Вторая книга — страница 25 из 146

Рукопись статьи Мандельштам отдал Каблукову. Вернувшись из Грузии после второй поездки (со мной), он узнал, что Каблуков умер, а его архив передан в Публичную библиотеку: наследников у Каблукова, кажется, не было. Несколько раз Мандельштам обращался в библиотеку, чтобы найти статью, но она пропала. Потеря очень его огорчала. "Мне не везет, - говорил он, - это основная моя статья". В 23 году заболел отец Мандельштама. Он лежал в больнице, а мы без него отвезли вещи к сыну, Евгению Эмильевичу. Старик уже не мог жить один. Я была против перевозки к черствому и недоброму младшему сыну, и будущее показало, что я была права, - он отвратительно относился к старику. Но тогда он настаивал, и это было самым легким выходом. Оставалось только перетащить барахло.

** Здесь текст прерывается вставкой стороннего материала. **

(* Let $p=\tfrac23$, $q=\tfrac13$, and let $g_0(z),g_1(z),g_2(z),\dots$ and $g_\beta(z)$ be the formal power series in $z$ uniquely determined by $$g_0=1+zg_\beta+qzg_2,\qquad g_\beta=qzg_1,\qquad g_1=zg_0+qzg_3,\qquad g_i=pzg_{i-1}+qzg_{i+2}\ (i\ge2).$$ Put $G(u,z)=\sum_{i\ge0}u^ig_i(z)$, write $V=uz$, $x=z^3$, and let $t=t(x)$ be the formal power series with $t(0)=0$ satisfying $x=\tfrac{27}{4}t(1-t)^2$. Then: (i) $$G(u,z)=2\,\frac{2+\frac{2}{3(1-t)}V}{(1-3t)(4-3t)}\cdot\frac{1}{1-\frac{2}{3(1-t)}V};$$ in particular, written in the variable $V$, only powers of $z$ that are multiples of $3$ appear. (ii) For $j\ge1$, $$[V^j]G=\frac{6}{(1-3t)(4-3t)}\Big(\frac23\cdot\frac1{1-t}\Big)^j,\qquad [u^j]G=z^j\frac{6}{(1-3t)(4-3t)}\Big(\frac23\cdot\frac1{1-t}\Big)^j.$$ (iii) For $j\ge1$ and $N\ge0$, $$[z^{j+3N}u^j]G(u,z)=\sum_{i=0}^N\frac{2^{2i+j-1}}{3^{2N+i+j-1}}\binom{2N+j+i}{i}.$$ (iv) For $N\ge0$, $$[z^{3N}]g_0=\sum_{i=0}^N\frac{2^{2i}}{3^{2N+i}}\binom{2N+i}{i},\qquad [z^{3N+2}]g_\beta=\frac13[z^{3N+1}]g_1=\sum_{i=0}^N\frac{2^{2i}}{3^{2N+i+1}}\binom{2N+1+i}{i}.$$
   Context: Dual online bin-packing model: bins have size 1; at each step either a single item of size $\tfrac23$ arrives (probability $p=\tfrac23$) or a double-pack of two items of size $\tfrac13$ arrives (probability $q=\tfrac13$). State $i\ge0$ means $i$ boxes filled to $\tfrac23$; $\beta$ is an exceptional state (one box filled to $\tfrac13$). The coefficient of $z^n$ in $g_i(z)$ (resp. $g_\beta(z)$) is the probability that $n$ random steps starting from state $0$ lead to state $i$ (resp. $\beta$); these series are defined by the recursion in the claim. $[\cdot]$ denotes coefficient extraction. *)

From mathcomp Require Import all_boot all_order all_algebra.
Set Implicit Arguments. Unset Strict Implicit. Unset Printing Implicit Defensive.
Import Order.TTheory GRing.Theory Num.Theory.
Local Open Scope ring_scope.
Lemma homB j a b : hom j a -> hom j b -> hom j (a - b).
Proof. by case: hom_grading => _ hB _ _; apply: hB. Qed.

Lemma homN j a : hom j a -> hom j (- a).
Proof. by move=> ha; rewrite -sub0r; apply: homB => //; apply: hom0. Qed.

Lemma homD j a b : hom j a -> hom j b -> hom j (a + b).
Proof. by move=> ha hb; rewrite -[b]opprK; apply: homB => //; apply: homN. Qed.

Lemma hom_sum j I (r : seq I) (P : pred I) F :
  (forall i, P i -> hom j (F i)) -> hom j (\sum_(i <- r | P i) F i).
Proof.
move=> hF; elim/big_rec: _ => [|i b Pi hb]; first exact: hom0.
by apply: homD => //; apply: hF.
Qed.

Lemma homMz j a z : hom j a -> hom j (a *~ z).
Proof.
move=> ha; have hn n : hom j (a *+ n).
  by elim: n => [|n IH]; [rewrite mulr0n; apply: hom0 | rewrite mulrS; apply: homD].
by case: z => n; [rewrite -pmulrn | rewrite NegzE mulrNz -pmulrn; apply: homN].
Qed.

Lemma hom_sum_words j (T : finType) n (F : seq T -> M) :
  (forall ys, size ys = n -> hom j (F ys)) -> hom j (sum_words n F).
Proof.
elim: n F => [|n IH] F hF /=; first exact: hF.
by apply: hom_sum => z _; apply: IH => ys sz; apply: hF; rewrite /= sz.
Qed.

End Homogeneous.

Section TwistedDifferential.
Variables (C A : zmodType) (hC : int -> C -> Prop) (hA : int -> A -> Prop)
  (d : C -> C) (pr : C -> C -> C)
  (Crit : finType) (ind : Crit -> nat) (m : Crit -> Crit -> C)
  (nu : A -> seq C -> A).

Local Notation mdeg x y := ((ind x)%:Z - (ind y)%:Z - 1).

Fixpoint mpath (x : Crit) (ys : seq Crit) : seq C :=
  if ys is y :: ys' then m x y :: mpath y ys' else [::].

Fixpoint mpath_deg (x : Crit) (ys : seq Crit) : seq int :=
  if ys is y :: ys' then mdeg x y :: mpath_deg y ys' else [::].

(* [e] is the degree of the tensor reached so far; each application of
   m~ multiplies by (-1)^e and raises the degree by that of the new m_{x,y}. *)
Fixpoint koszul_exp (e : int) (x : Crit) (ys : seq Crit) : int :=
  if ys is y :: ys' then e + koszul_exp (e + mdeg x y) y ys' else 0.

Lemma size_mpath x ys : size (mpath x ys) = size ys.
Proof. by elim: ys x => [|y ys IH] x //=; rewrite IH. Qed.

Lemma mpath_cat x u w : mpath x (u ++ w) = mpath x u ++ mpath (last x u) w.
Proof. by elim: u x => [|y u IH] x //=; rewrite IH. Qed.

Lemma size_mpath_deg x ys : size (mpath_deg x ys) = size ys.
Proof. by elim: ys x => [|y ys IH] x //=; rewrite IH. Qed.

Lemma mpath_deg_cat x u w :
  mpath_deg x (u ++ w) = mpath_deg x u ++ mpath_deg (last x u) w.
Proof. by elim: u x => [|y u IH] x //=; rewrite IH. Qed.

Lemma sum_mpath_deg x ys :
  \sum_(q <- mpath_deg x ys) q = (ind x)%:Z - (ind (last x ys))%:Z - (size ys)%:Z.
Proof.
elim: ys x => [|y ys IH] x /=; first by rewrite big_nil subrr subr0.
by rewrite big_cons IH intS; ring.
Qed.

Lemma koszul_exp_shift e f x ys :
  koszul_exp (e + f) x ys = koszul_exp e x ys + f * (size ys)%:Z.
Proof.
elim: ys e x => [|y ys IH] e x /=; first by rewrite mulr0 addr0.
rewrite (_ : e + f + mdeg x y = e + mdeg x y + f); last by ring.
by rewrite IH intS; ring.
Qed.

Lemma koszul_exp_cat e x u w : koszul_exp e x (u ++ w) =
  koszul_exp e x u +
  koszul_exp (e + ((ind x)%:Z - (ind (last x u))%:Z - (size u)%:Z)) (last x u) w.
Proof.
elim: u e x => [|y u IH] e x /=; first by rewrite subrr subr0 ?addr0 add0r.
by rewrite IH addrA intS; congr (_ + koszul_exp _ _ _); ring.
Qed.

Lemma mtil_powS n (ts : seq (mterm C A Crit)) :
  mtil_pow ind m n.+1 ts = mtil_pow ind m n (flatten (map (mtil_step ind m) ts)).
Proof. exact: iterSr. Qed.

Lemma big_mtil_pow n ts (G : mterm C A Crit -> A) :
  \sum_(t <- mtil_pow ind m n ts) G t =
  \sum_(t0 <- ts) \sum_(t <- mtil_pow ind m n [:: t0]) G t.
Proof.
elim: n ts G => [|n IH] ts G.
  by apply: eq_bigr => t _; rewrite big_seq1.
rewrite mtil_powS IH big_flatten big_map; apply: eq_bigr => t0 _.
by rewrite mtil_powS IH big_flatten big_map big_seq1.
Qed.

Lemma big_mtil_pow_words n a gs x e (F : A -> seq C -> Crit -> A) :
  \sum_(t <- mtil_pow ind m n [:: MTerm a gs x e]) F (mt_a t) (mt_gs t) (mt_x t) =
  sum_words n (fun ys =>
    F (a *~ ksign (koszul_exp e x ys)) (gs ++ mpath x ys) (last x ys)).
Proof.
elim: n a gs x e => [|n IH] a gs x e.
  by rewrite /mtil_pow /= big_seq1 /= cats0.
rewrite mtil_powS big_mtil_pow /= cats0 /mtil_step big_map big_enum /=.
apply: eq_bigr => y _; rewrite IH; apply: eq_sum_words => ys _.
by rewrite -mulrzA -ksignD cat_rcons.
Qed.

Definition twist (e : int) (x : Crit) (ys : seq Crit) (a : A) : A :=
  nu (a *~ ksign (koszul_exp e x ys)) (mpath x ys).

Lemma twisted_diffE Nb k v y : twisted_diff ind m nu Nb k v y =
  \sum_(x : Crit) \sum_(n < Nb) sum_words n (fun ys =>
     if last x ys == y then twist (k - (ind x)%:Z) x ys (v x) else 0).
Proof.
apply: eq_bigr => x _; apply: eq_bigr => n _.
rewrite big_mkcond (big_mtil_pow_words n (v x) [::] x (k - (ind x)%:Z)
  (fun a gs x' => if x' == y then nu a gs else 0)).
by apply: eq_sum_words.
Qed.

Hypothesis hC_nonneg : nonneg_grading hC.
Hypothesis m_cocycle : twisting_cocycle ind hC d pr m.
Hypothesis nu_additive : multiadditive nu.

Lemma m_hom x y : hC (mdeg x y) (m x y).
Proof. by case: m_cocycle. Qed.

Lemma d_m x y :
  d (m x y) = \sum_(z : Crit) pr (m x z) (m z y) *~ ksign ((ind x)%:Z - (ind z)%:Z).
Proof. by case: m_cocycle. Qed.
Lemma covector_of_conformal (E : finType) (cocirc : signed_set E -> Prop)
    (Z : signed_set E) :
  [disjoint Z.1 & Z.2] ->
  (forall g, g \in Z.1 :|: Z.2 -> exists2 X, cocirc X &
     [/\ X.1 \subset Z.1, X.2 \subset Z.2 & g \in X.1 :|: X.2]) ->
  covector_of cocirc Z.
Proof.
case: Z => Z1 Z2 /= Z_disj Z_conf.
have cover (r : seq E) : exists2 Y, covector_of cocirc Y &
    [/\ Y.1 \subset Z1, Y.2 \subset Z2 &
        {in r, forall g, g \in Z1 :|: Z2 -> g \in Y.1 :|: Y.2}].
  elim: r => [|g r [Y Y_cov [Y1 Y2 Y_supp]]].
    by exists (set0, set0); [exact: cov_zero | rewrite !sub0set].
  have [gZ|gZ] := boolP (g \in Z1 :|: Z2); last first.
    by exists Y => //; split=> // h /predU1P [->|/Y_supp //]; rewrite (negbTE gZ).
  have [X X_cir [X1 X2 gX]] := Z_conf g gZ.
  exists (scompose X Y); first exact: cov_comp.
  have XY_supp h : (h \in X.1 :|: X.2) || (h \in Y.1 :|: Y.2) ->
                   h \in (scompose X Y).1 :|: (scompose X Y).2.
    by rewrite !inE; case: (h \in X.1); case: (h \in X.2); case: (h \in Y.1).
  split; rewrite /scompose /=.
  - by rewrite subUset X1 (subset_trans (subsetDl _ _) Y1).
  - by rewrite subUset X2 (subset_trans (subsetDl _ _) Y2).
  - move=> h /predU1P [-> _|hr /(Y_supp h hr) hY]; apply: XY_supp.
      by rewrite gX.
    by rewrite hY orbT.
have [[Y1 Y2] Y_cov [/= sub1 sub2 Y_supp]] := cover (enum E).
have Y_cover g : g \in Z1 :|: Z2 -> (g \in Y1) || (g \in Y2).
  by move/(Y_supp g (mem_enum _ g)); rewrite inE.
have Z_excl g : g \in Z1 -> g \notin Z2 by move/(disjointFr Z_disj) => ->.
suff [-> ->] : Z1 = Y1 /\ Z2 = Y2 by [].
split; apply/eqP; rewrite eqEsubset ?sub1 ?sub2 andbT; apply/subsetP => g gZ.
- have /orP [] // : (g \in Y1) || (g \in Y2) by rewrite Y_cover // inE gZ.
  by move/(subsetP sub2); rewrite (negbTE (Z_excl g gZ)).
- have /orP [] // : (g \in Y1) || (g \in Y2) by rewrite Y_cover // inE gZ orbT.
  by move/(subsetP sub1)/Z_excl; rewrite gZ.
Qed.

Lemma circulation_sign_covector (V E : finType) (tl hd : E -> V) p q :
  no_loops tl hd -> circulation tl hd p -> circulation tl hd q ->
  dual_covector tl hd ([set f | q f < p f], [set f | p f < q f]).
Proof.
move=> nl p_circ q_circ; apply: covector_of_conformal => /= [|g].
  by rewrite disjoint_subset; apply/subsetP => f; rewrite !inE -leqNgt => /ltnW.
by rewrite !inE -neq_ltn eq_sym => pq_g; apply: conformal_cycle.
Qed.

Section ThreeEdgeConnected.

Variables (V E : finType) (tl hd : E -> V).

Lemma totally_cyclic_connect :
  totally_cyclic tl hd -> forall f, connect (arcs tl hd predT) (hd f) (tl f).
Proof.
move=> tc f; have [X [[k [vs [es [vs_inj [_ [es_arc es_supp]]]]]] [X2 fX]]] := tc f.
have cyc : dcycle tl hd predT vs es.
  split=> // i; case: (es_arc i) => [[-> [-> _]] //|[_ [_ []]]].
  by rewrite X2 inE.
have /es_supp [i ->] : f \in X.1 :|: X.2 by rewrite inE fX.
by have [_ -> ->] := cyc.2 i; apply: (dcycle_connect cyc).
Qed.

Hypothesis back : forall f, connect (arcs tl hd predT) (hd f) (tl f).

(* An undirected edge leaving T cannot point outwards, so it points inwards;
   the directed cycle through it must then leave T along a forward edge. *)
Lemma forward_closed_all (T : {set V}) u w :
  (forall u w, connect (uadj tl hd [set: E]) u w) ->
  (forall f, tl f \in T -> hd f \in T) -> u \in T -> w \in T.
Proof.
move=> conn T_closed uT; apply/negPn/negP => wT.
have [a [b [/existsP [e /andP [_ ab_e]] aT bT]]] := connect_exit (conn u w) uT wT.
case/orP: ab_e => /andP [/eqP tl_e /eqP hd_e].
  by move: bT; rewrite -hd_e T_closed // tl_e.
have hd_eT : hd e \in T by rewrite hd_e.
have tl_eT : tl e \notin T by rewrite tl_e.
have [x [y [/existsP [f /and3P [_ /eqP tl_f /eqP hd_f]] xT yT]]] :=
  connect_exit (back e) hd_eT tl_eT.
by move: yT; rewrite -hd_f T_closed // tl_f.
Qed.

Hypothesis tec : three_edge_connected tl hd.

(* Otherwise the vertices reachable from hd e avoiding e' and from hd e'
   avoiding e partition V, and only e and e' join the two parts. *)
Lemma avoiding_cycle e e' :
  e != e' ->
  connect (arcs tl hd (predC1 e')) (hd e) (tl e) \/
  connect (arcs tl hd (predC1 e)) (hd e') (tl e').
Proof.
move=> ee'; have [c1|c1] := boolP (connect _ (hd e) (tl e)); first by left.
have [c2|c2] := boolP (connect _ (hd e') (tl e')); first by right.
exfalso.
have conn u w : connect (uadj tl hd [set: E]) u w by rewrite -setC0 tec ?cards0.
pose R := [set w | connect (arcs tl hd (predC1 e')) (hd e) w].
pose R' := [set w | connect (arcs tl hd (predC1 e)) (hd e') w].
have R_closed f : f != e' -> tl f \in R -> hd f \in R.
  by rewrite !inE; apply: (connect_arcsS (ok := predC1 e')).
have R'_closed f : f != e -> tl f \in R' -> hd f \in R'.
  by rewrite !inE; apply: (connect_arcsS (ok := predC1 e)).
have tl_eR : tl e \notin R by rewrite inE.
have tl_e'R' : tl e' \notin R' by rewrite inE.
have hd_eR : hd e \in R by rewrite inE connect0.
have R_disj u : u \in R -> u \notin R'.
  move=> uR; apply/negP => uR'.
  have uRR' : u \in R :&: R' by rewrite inE uR uR'.
  suff : tl e \in R :&: R' by rewrite inE (negbTE tl_eR).
  apply: (forward_closed_all _ conn _ uRR') => f /setIP [fR fR'].
  rewrite inE R_closed ?R'_closed //.
  - by apply: contraNneq tl_eR => fe; rewrite -fe.
  - by apply: contraNneq tl_e'R' => fe'; rewrite -fe'.
have R_cover u : (u \in R) || (u \in R').
  suff : u \in R :|: R' by rewrite inE.
  have hd_eRR' : hd e \in R :|: R' by rewrite inE hd_eR.
  apply: (forward_closed_all _ conn _ hd_eRR') => f /setUP [fR|fR']; rewrite inE.
    have [->|fe'] := eqVneq f e'; last by rewrite R_closed.
    by rewrite !inE connect0 orbT.
  have [->|fe] := eqVneq f e; first by rewrite hd_eR.
  by rewrite R'_closed ?orbT.
have cut2 : #|[set e; e']| <= 2 by rewrite cards2 ee'.
have [a [b [/existsP [f /andP [f_ee' ab_f]] aR bR]]] :=
  connect_exit (tec cut2 (hd e) (tl e)) hd_eR tl_eR.
move: f_ee'; rewrite !inE negb_or => /andP [fe fe'].
case/orP: ab_f => /andP [/eqP tl_f /eqP hd_f].
  by move: bR; rewrite -hd_f R_closed // tl_f.
have /R_disj : hd f \in R by rewrite hd_f.
by rewrite R'_closed //; move: (R_cover (tl f)); rewrite tl_f (negbTE bR).
Qed.
Hypothesis nl : no_loops tl hd.

Lemma separating_circulation e e' :
  exists phi, [/\ circulation tl hd phi, e = e' -> 0 < phi e
                & e != e' -> (0 < phi e) != (0 < phi e')].
Proof.
have [<-|ee'] := eqVneq e e'.
  have [phi [phi_circ phi_e _]] := circulation_through (ok := predT) isT (nl e) (back e).
  by exists phi.
have [back_e|back_e'] := avoiding_cycle ee'.
  have [phi [phi_circ phi_e phi_0]] :=
    circulation_through (ok := predC1 e') ee' (nl e) back_e.
  by exists phi; split=> // _; rewrite phi_e phi_0 ?negbK.
have e'e : e' != e by rewrite eq_sym.
have [phi [phi_circ phi_e' phi_0]] :=
  circulation_through (ok := predC1 e) e'e (nl e') back_e'.
exists phi; split=> [//|/eqP|_]; first by rewrite (negbTE ee').
by rewrite (phi_0 e) ?phi_e' //= eqxx.
Qed.
Lemma Rsup_eq (E : R -> Prop) m : is_lub E m -> Rsup E = m.
Proof.
  intros H. assert (Hne : exists x, E x).
  { apply NNPP. intros Hempty. destruct H as [_ H].
    assert (Hub : is_upper_bound E (m - 1)) by (intros x Hx; exfalso; eauto).
    specialize (H _ Hub). lra. }
  apply (is_lub_u E); auto. apply Rsup_lub; auto. exists m. apply H.
Qed.

Lemma Rsup_ub (E : R -> Prop) x : bound E -> E x -> x <= Rsup E.
Proof. intros Hb Hx. apply (Rsup_lub E Hb (ex_intro _ x Hx)). auto. Qed.

Lemma Rsup_le (E : R -> Prop) b : (exists x, E x) -> (forall x, E x -> x <= b) -> Rsup E <= b.
Proof.
  intros He Hb. assert (HB : bound E) by (exists b; intros x; auto).
  apply (Rsup_lub E HB He). intros x; auto.
Qed.

Lemma Un_cv_const (c : R) : Un_cv (fun _ => c) c.
Proof. intros eps He. exists 0%nat. intros n _. unfold Rdist. rewrite Rminus_diag, Rabs_R0. lra. Qed.

Existing Class vs_axioms.
Existing Class is_subspace.
Existing Class is_norm_on.

Section VectorAlgebra.
Context {V : RVS} {Hv : vs_axioms V}.

Lemma vadd_assoc (x y z : V) : vadd x (vadd y z) = vadd (vadd x y) z. Proof. apply Hv. Qed.
Lemma vadd_comm (x y : V) : vadd x y = vadd y x. Proof. apply Hv. Qed.
Lemma vadd_0l (x : V) : vadd vzero x = x. Proof. apply Hv. Qed.
Lemma vadd_opp (x : V) : vadd x (vscal (-1) x) = vzero. Proof. apply Hv. Qed.
Lemma vscal_addv a (x y : V) : vscal a (vadd x y) = vadd (vscal a x) (vscal a y). Proof. apply Hv. Qed.
Lemma vscal_adds a b (x : V) : vscal (a + b) x = vadd (vscal a x) (vscal b x). Proof. apply Hv. Qed.
Lemma vscal_mul a b (x : V) : vscal a (vscal b x) = vscal (a * b) x. Proof. apply Hv. Qed.
Lemma vscal_1 (x : V) : vscal 1 x = x. Proof. apply Hv. Qed.

Lemma vadd_0r (x : V) : vadd x vzero = x.
Proof. rewrite vadd_comm; apply vadd_0l. Qed.

Lemma vadd_oppl (x : V) : vadd (vscal (-1) x) x = vzero.
Proof. rewrite vadd_comm; apply vadd_opp. Qed.

Lemma vadd_cancel (a b c : V) : vadd a b = vadd a c -> b = c.
Proof.
  intros H. rewrite <- (vadd_0l b), <- (vadd_0l c), <- (vadd_oppl a), <- !vadd_assoc, H.
  reflexivity.
Qed.

Lemma vscal_0 (x : V) : vscal 0 x = vzero.
Proof.
  apply (vadd_cancel (vscal 0 x)). rewrite vadd_0r, <- vscal_adds. f_equal; ring.
Qed.

Lemma vscal_zero a : vscal a (@vzero V) = vzero.
Proof.
  apply (vadd_cancel (vscal a vzero)). rewrite vadd_0r, <- vscal_addv, vadd_0l. reflexivity.
Qed.

Lemma vscal_m1_m1 (x : V) : vscal (-1) (vscal (-1) x) = x.
Proof. rewrite vscal_mul. replace (-1 * -1) with 1 by ring. apply vscal_1. Qed.

Lemma vsub_diag (x : V) : vsub x x = vzero.
Proof. apply vadd_opp. Qed.

Lemma vsub_add (x y : V) : vadd (vsub x y) y = x.
Proof. unfold vsub. rewrite <- vadd_assoc, vadd_oppl, vadd_0r. reflexivity. Qed.

Lemma vsub_eq0 (x y : V) : vsub x y = vzero -> x = y.
Proof. intros H. rewrite <- (vsub_add x y), H, vadd_0l. reflexivity. Qed.

Lemma vsub_0r (x : V) : vsub x vzero = x.
Proof. unfold vsub. rewrite vscal_zero, vadd_0r. reflexivity. Qed.

Lemma vadd_swap (a b c d : V) : vadd (vadd a b) (vadd c d) = vadd (vadd a c) (vadd b d).
Proof.
  rewrite <- !vadd_assoc. f_equal. rewrite !vadd_assoc. f_equal. apply vadd_comm.
Qed.

Lemma vsub_vadd (a b c d : V) : vsub (vadd a b) (vadd c d) = vadd (vsub a c) (vsub b d).
Proof. unfold vsub. rewrite vscal_addv. apply vadd_swap. Qed.

Lemma vscal_sub t (a b : V) : vscal t (vsub a b) = vsub (vscal t a) (vscal t b).
Proof. unfold vsub. rewrite vscal_addv, !vscal_mul. do 2 f_equal. ring. Qed.

Lemma vsub_swap (a b : V) : vsub a b = vscal (-1) (vsub b a).
Proof. unfold vsub. rewrite vscal_addv, vscal_m1_m1. apply vadd_comm. Qed.

Lemma vsub_chain (a b c : V) : vsub a c = vadd (vsub a b) (vsub b c).
Proof.
  unfold vsub. rewrite <- vadd_assoc. f_equal. rewrite vadd_assoc, vadd_oppl, vadd_0l.
  reflexivity.
Qed.

Lemma vsum_add (u w : nat -> V) n :
  vsum (fun i => vadd (u i) (w i)) n = vadd (vsum u n) (vsum w n).
Proof. induction n; simpl. - now rewrite vadd_0l. - rewrite IHn. apply vadd_swap. Qed.

Lemma vsum_scal a (u : nat -> V) n : vsum (fun i => vscal a (u i)) n = vscal a (vsum u n).
Proof. induction n; simpl. - now rewrite vscal_zero. - rewrite IHn, vscal_addv. reflexivity. Qed.
End VectorAlgebra.

Fixpoint rsum (u : nat -> R) (n : nat) : R :=
  match n with O => 0 | S m => rsum u m + u m end.

Lemma rsum_ext (a b : nat -> R) n : (forall i, a i = b i) -> rsum a n = rsum b n.
Proof. intros H; induction n; simpl; auto. rewrite IHn, H; auto. Qed.

Section Normed.
Context {V : RVS} {Hv : vs_axioms V} {S : V -> Prop} {N : V -> R}
  {HS : is_subspace S} {HN : is_norm_on S N}.

Lemma sub_zero : S vzero. Proof. apply HS. Qed.
Lemma sub_add x y : S x -> S y -> S (vadd x y). Proof. apply HS. Qed.
Lemma sub_scal a x : S x -> S (vscal a x). Proof. apply HS. Qed.
Lemma sub_sub x y : S x -> S y -> S (vsub x y).
Proof. intros; unfold vsub; apply sub_add; auto; apply sub_scal; auto. Qed.
Lemma sub_vsum (u : nat -> V) n : (forall i, S (u i)) -> S (vsum u n).
Proof. intros H; induction n; simpl. - apply sub_zero. - apply sub_add; auto. Qed.
Lemma sub_lincomb (c : nat -> R) (u : nat -> V) n :
  (forall i, S (u i)) -> S (vsum (fun i => vscal (c i) (u i)) n).
Proof. intros H. apply sub_vsum. intros; apply sub_scal; auto. Qed.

Я разбирала сундуки старика. Между грудами рухляди, обесцененных и аннулированных денег, керенок и царских рублей, заплесневевших корок хлеба, ржавых ножей, тюлевых занавесок и обрывков пыльных бархатных скатертей я нашла кучку бумаг, исписанных знакомым почерком. Там были стихи раннего периода, записанные, вероятно, когда собирался "Камень", еще кое-что и разрозненные страницы статьи о Скрябине. Мандельштам обрадовался, просмотрел все странички, сказал, что это приблизительно половина того, что находилось у Каблукова, и попросил меня сохранить. Больше он к статье не возвращался, потому что напечатать ее было абсолютно невозможно. Рукопись и сейчас у меня, но кто-то (увы! я знаю кто) стащил первый лист. Их было два - совершенно одинаковых, но с различными заглавиями. На одном листке стоит "Пушкин и Скрябин", на другом - "Скрябин и христианство". Исчез первый, но после моей смерти он найдется: это уже работа коллекционеров...

[113]

Два слова о сундуках деда: вдовцы, у которых не было дочерей, все оказались беспризорными, с точно таким барахлом, как у деда. В тяжкие дни выявилась организующая роль женщины, которая притворялась дамой и птичкой, а на самом деле была домостроительницей и главным стержнем семьи. Богатые женщины, как и крестьянские бабы, строили дом. Чем богаче, тем энергичнее. Правда, именно обеспеченные в прошлом оказались более слабыми в борьбе с голодом и разрухой, но все же и они держались крепче мужчин. Сейчас это ясно всем: "Кто ему портки постирает, если он останется один?" Это общая формула для всех слоев населения.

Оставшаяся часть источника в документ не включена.